# [Exercise details]
Output only the lines of the entries that follow, starting at the one with "by apply: eq_bigr => s _; rewrite !mxE." and running down to the one with "Section SmithProducts.", both included and unchanged.

====== Data supplied ======

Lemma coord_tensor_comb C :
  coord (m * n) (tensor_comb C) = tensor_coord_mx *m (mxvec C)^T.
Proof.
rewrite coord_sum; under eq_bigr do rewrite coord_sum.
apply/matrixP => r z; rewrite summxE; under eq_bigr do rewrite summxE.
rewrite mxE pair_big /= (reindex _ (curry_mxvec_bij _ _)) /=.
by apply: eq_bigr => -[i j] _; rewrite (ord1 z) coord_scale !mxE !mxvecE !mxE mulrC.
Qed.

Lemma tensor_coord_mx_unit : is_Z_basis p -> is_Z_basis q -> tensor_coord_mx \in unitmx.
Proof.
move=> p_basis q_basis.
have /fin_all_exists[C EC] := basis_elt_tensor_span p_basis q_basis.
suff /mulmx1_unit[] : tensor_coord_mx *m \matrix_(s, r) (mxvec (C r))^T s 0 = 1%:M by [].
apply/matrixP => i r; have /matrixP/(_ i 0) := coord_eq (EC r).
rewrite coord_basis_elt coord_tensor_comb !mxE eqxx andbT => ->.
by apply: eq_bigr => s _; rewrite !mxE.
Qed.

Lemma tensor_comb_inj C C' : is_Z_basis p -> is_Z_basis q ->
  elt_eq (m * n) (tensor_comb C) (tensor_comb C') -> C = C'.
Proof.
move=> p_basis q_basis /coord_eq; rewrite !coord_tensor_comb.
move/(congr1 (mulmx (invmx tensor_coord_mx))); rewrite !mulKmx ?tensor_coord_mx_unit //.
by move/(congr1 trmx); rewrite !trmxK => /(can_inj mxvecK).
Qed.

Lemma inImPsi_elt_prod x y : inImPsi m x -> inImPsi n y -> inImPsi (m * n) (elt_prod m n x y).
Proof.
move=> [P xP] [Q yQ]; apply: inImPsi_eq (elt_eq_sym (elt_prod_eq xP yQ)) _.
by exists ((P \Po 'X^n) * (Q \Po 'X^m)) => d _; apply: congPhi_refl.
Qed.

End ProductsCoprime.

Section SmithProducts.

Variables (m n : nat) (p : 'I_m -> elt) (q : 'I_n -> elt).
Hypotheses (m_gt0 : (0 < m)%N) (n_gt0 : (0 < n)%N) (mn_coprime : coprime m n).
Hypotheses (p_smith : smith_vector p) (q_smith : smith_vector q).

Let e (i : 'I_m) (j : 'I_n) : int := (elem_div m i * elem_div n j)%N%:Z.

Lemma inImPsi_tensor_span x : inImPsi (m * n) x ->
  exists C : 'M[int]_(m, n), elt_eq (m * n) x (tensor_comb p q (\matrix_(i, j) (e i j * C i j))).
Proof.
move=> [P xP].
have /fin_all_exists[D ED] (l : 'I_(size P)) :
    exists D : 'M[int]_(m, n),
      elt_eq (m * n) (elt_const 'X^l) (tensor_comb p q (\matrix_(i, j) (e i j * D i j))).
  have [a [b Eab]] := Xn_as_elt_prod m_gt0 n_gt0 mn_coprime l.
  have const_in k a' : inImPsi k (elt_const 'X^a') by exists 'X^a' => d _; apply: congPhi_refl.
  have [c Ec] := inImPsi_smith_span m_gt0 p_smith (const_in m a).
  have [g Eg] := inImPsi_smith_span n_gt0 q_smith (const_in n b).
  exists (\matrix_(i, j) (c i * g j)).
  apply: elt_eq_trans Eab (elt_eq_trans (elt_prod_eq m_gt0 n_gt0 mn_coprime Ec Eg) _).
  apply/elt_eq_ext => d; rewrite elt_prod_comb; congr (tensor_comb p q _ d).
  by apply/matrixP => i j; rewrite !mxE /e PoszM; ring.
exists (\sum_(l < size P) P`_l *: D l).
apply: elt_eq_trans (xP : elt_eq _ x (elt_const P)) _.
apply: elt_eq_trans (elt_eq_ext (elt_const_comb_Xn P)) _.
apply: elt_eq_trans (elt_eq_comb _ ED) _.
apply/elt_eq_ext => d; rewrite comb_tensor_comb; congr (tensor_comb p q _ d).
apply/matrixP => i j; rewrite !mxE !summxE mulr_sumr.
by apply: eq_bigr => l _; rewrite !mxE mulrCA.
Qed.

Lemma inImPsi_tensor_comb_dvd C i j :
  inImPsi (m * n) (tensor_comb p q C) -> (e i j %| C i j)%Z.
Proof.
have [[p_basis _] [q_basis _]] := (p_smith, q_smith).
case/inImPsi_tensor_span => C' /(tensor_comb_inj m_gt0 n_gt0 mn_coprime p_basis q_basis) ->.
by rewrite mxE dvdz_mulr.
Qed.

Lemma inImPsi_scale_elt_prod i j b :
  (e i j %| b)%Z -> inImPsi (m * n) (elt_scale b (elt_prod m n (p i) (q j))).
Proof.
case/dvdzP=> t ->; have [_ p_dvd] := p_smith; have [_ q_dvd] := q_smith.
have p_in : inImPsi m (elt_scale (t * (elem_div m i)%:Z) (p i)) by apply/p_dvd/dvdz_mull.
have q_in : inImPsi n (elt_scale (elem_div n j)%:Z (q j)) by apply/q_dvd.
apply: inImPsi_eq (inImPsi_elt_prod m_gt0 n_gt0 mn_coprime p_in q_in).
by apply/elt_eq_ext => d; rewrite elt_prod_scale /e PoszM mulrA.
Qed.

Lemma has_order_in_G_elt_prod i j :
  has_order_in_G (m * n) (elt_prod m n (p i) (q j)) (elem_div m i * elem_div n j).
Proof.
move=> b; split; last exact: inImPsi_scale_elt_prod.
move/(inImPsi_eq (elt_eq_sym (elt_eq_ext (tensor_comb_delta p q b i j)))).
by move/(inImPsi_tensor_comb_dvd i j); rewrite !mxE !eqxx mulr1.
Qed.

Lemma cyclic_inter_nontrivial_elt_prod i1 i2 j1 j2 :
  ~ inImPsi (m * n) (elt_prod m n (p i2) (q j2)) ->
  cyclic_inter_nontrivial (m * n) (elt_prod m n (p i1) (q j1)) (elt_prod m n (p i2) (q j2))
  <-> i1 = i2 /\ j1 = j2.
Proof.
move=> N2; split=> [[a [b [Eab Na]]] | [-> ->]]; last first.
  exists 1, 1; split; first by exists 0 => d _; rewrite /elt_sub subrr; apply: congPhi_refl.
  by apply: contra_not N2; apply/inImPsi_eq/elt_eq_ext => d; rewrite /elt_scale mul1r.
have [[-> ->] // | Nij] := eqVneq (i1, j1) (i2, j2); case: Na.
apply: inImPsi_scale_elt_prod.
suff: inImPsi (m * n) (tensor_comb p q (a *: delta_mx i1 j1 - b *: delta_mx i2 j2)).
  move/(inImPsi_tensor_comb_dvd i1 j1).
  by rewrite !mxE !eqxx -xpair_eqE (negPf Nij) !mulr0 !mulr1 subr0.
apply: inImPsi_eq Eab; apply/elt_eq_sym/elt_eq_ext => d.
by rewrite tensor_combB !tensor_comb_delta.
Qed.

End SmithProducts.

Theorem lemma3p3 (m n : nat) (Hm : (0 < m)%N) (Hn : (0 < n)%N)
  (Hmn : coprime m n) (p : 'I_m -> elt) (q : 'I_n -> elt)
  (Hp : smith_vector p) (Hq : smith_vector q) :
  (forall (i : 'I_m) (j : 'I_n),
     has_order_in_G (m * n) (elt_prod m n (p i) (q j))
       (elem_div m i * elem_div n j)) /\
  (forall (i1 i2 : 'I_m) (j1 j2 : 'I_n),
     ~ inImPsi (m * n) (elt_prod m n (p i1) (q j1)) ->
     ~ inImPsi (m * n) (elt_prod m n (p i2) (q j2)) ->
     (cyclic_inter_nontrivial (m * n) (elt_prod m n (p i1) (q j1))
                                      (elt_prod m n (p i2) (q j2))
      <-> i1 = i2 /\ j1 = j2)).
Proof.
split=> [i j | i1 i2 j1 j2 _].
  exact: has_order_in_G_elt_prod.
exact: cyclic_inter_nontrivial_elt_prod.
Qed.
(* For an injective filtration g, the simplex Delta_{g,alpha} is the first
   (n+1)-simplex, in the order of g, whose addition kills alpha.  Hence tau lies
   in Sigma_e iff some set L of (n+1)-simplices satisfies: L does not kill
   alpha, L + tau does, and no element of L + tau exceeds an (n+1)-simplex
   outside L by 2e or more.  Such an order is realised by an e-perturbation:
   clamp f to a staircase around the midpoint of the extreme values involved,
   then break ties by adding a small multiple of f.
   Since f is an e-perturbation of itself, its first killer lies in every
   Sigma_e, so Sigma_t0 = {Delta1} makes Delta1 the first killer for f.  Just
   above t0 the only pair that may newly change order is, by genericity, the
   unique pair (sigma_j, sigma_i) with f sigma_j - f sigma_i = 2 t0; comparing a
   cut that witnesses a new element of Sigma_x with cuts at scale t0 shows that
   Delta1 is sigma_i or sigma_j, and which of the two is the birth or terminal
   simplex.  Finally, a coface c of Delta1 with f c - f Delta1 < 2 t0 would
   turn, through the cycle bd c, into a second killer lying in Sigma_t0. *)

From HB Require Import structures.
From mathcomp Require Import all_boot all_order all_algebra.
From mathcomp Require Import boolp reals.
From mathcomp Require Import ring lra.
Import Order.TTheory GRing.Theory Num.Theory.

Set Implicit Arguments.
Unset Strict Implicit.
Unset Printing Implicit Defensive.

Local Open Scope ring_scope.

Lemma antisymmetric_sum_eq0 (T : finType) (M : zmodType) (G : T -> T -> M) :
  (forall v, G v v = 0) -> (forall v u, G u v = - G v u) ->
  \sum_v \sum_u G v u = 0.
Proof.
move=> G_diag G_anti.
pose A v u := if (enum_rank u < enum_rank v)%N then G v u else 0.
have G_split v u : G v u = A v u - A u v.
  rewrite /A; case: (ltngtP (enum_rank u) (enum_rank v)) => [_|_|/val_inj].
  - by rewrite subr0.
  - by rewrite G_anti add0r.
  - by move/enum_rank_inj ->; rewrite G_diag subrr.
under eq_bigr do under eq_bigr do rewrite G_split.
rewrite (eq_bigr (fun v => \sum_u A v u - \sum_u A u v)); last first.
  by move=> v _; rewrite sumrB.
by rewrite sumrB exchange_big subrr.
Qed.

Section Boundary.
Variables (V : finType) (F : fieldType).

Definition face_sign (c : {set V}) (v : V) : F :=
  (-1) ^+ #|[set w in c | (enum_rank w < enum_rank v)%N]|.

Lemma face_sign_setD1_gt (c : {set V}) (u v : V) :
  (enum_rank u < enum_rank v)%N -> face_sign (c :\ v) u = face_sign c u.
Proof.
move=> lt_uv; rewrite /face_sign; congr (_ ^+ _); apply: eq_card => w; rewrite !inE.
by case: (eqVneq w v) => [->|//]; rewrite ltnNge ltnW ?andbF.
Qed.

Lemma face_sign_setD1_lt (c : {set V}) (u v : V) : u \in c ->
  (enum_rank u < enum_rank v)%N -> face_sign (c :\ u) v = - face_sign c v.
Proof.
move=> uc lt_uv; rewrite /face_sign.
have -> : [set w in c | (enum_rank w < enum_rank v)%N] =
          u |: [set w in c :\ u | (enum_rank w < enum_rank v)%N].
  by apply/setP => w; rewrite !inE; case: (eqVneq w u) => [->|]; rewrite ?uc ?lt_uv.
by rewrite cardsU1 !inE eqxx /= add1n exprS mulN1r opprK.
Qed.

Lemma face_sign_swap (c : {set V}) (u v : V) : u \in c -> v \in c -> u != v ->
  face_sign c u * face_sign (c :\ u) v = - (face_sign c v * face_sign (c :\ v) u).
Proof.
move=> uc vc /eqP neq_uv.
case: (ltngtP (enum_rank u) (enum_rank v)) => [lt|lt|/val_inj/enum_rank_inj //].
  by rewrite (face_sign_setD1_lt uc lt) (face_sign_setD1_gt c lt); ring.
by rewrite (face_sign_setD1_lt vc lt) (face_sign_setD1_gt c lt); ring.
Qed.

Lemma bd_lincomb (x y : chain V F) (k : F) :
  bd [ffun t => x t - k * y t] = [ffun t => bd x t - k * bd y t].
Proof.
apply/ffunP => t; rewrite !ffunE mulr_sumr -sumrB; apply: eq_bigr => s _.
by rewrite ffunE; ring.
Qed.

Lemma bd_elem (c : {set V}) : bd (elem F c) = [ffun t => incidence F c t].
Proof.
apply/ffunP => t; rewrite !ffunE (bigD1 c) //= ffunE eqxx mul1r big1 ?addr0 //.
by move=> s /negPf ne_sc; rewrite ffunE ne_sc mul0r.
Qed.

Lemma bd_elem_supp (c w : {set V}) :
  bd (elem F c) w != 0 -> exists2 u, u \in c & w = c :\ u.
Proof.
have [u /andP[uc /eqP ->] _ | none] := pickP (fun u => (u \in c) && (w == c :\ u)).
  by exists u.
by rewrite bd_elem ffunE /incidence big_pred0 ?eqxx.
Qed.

======

# [Result below]
by apply: eq_bigr => s _; rewrite !mxE.
Qed.

Lemma tensor_comb_inj C C' : is_Z_basis p -> is_Z_basis q ->
  elt_eq (m * n) (tensor_comb C) (tensor_comb C') -> C = C'.
Proof.
move=> p_basis q_basis /coord_eq; rewrite !coord_tensor_comb.
move/(congr1 (mulmx (invmx tensor_coord_mx))); rewrite !mulKmx ?tensor_coord_mx_unit //.
by move/(congr1 trmx); rewrite !trmxK => /(can_inj mxvecK).
Qed.

Lemma inImPsi_elt_prod x y : inImPsi m x -> inImPsi n y -> inImPsi (m * n) (elt_prod m n x y).
Proof.
move=> [P xP] [Q yQ]; apply: inImPsi_eq (elt_eq_sym (elt_prod_eq xP yQ)) _.
by exists ((P \Po 'X^n) * (Q \Po 'X^m)) => d _; apply: congPhi_refl.
Qed.

End ProductsCoprime.

Section SmithProducts.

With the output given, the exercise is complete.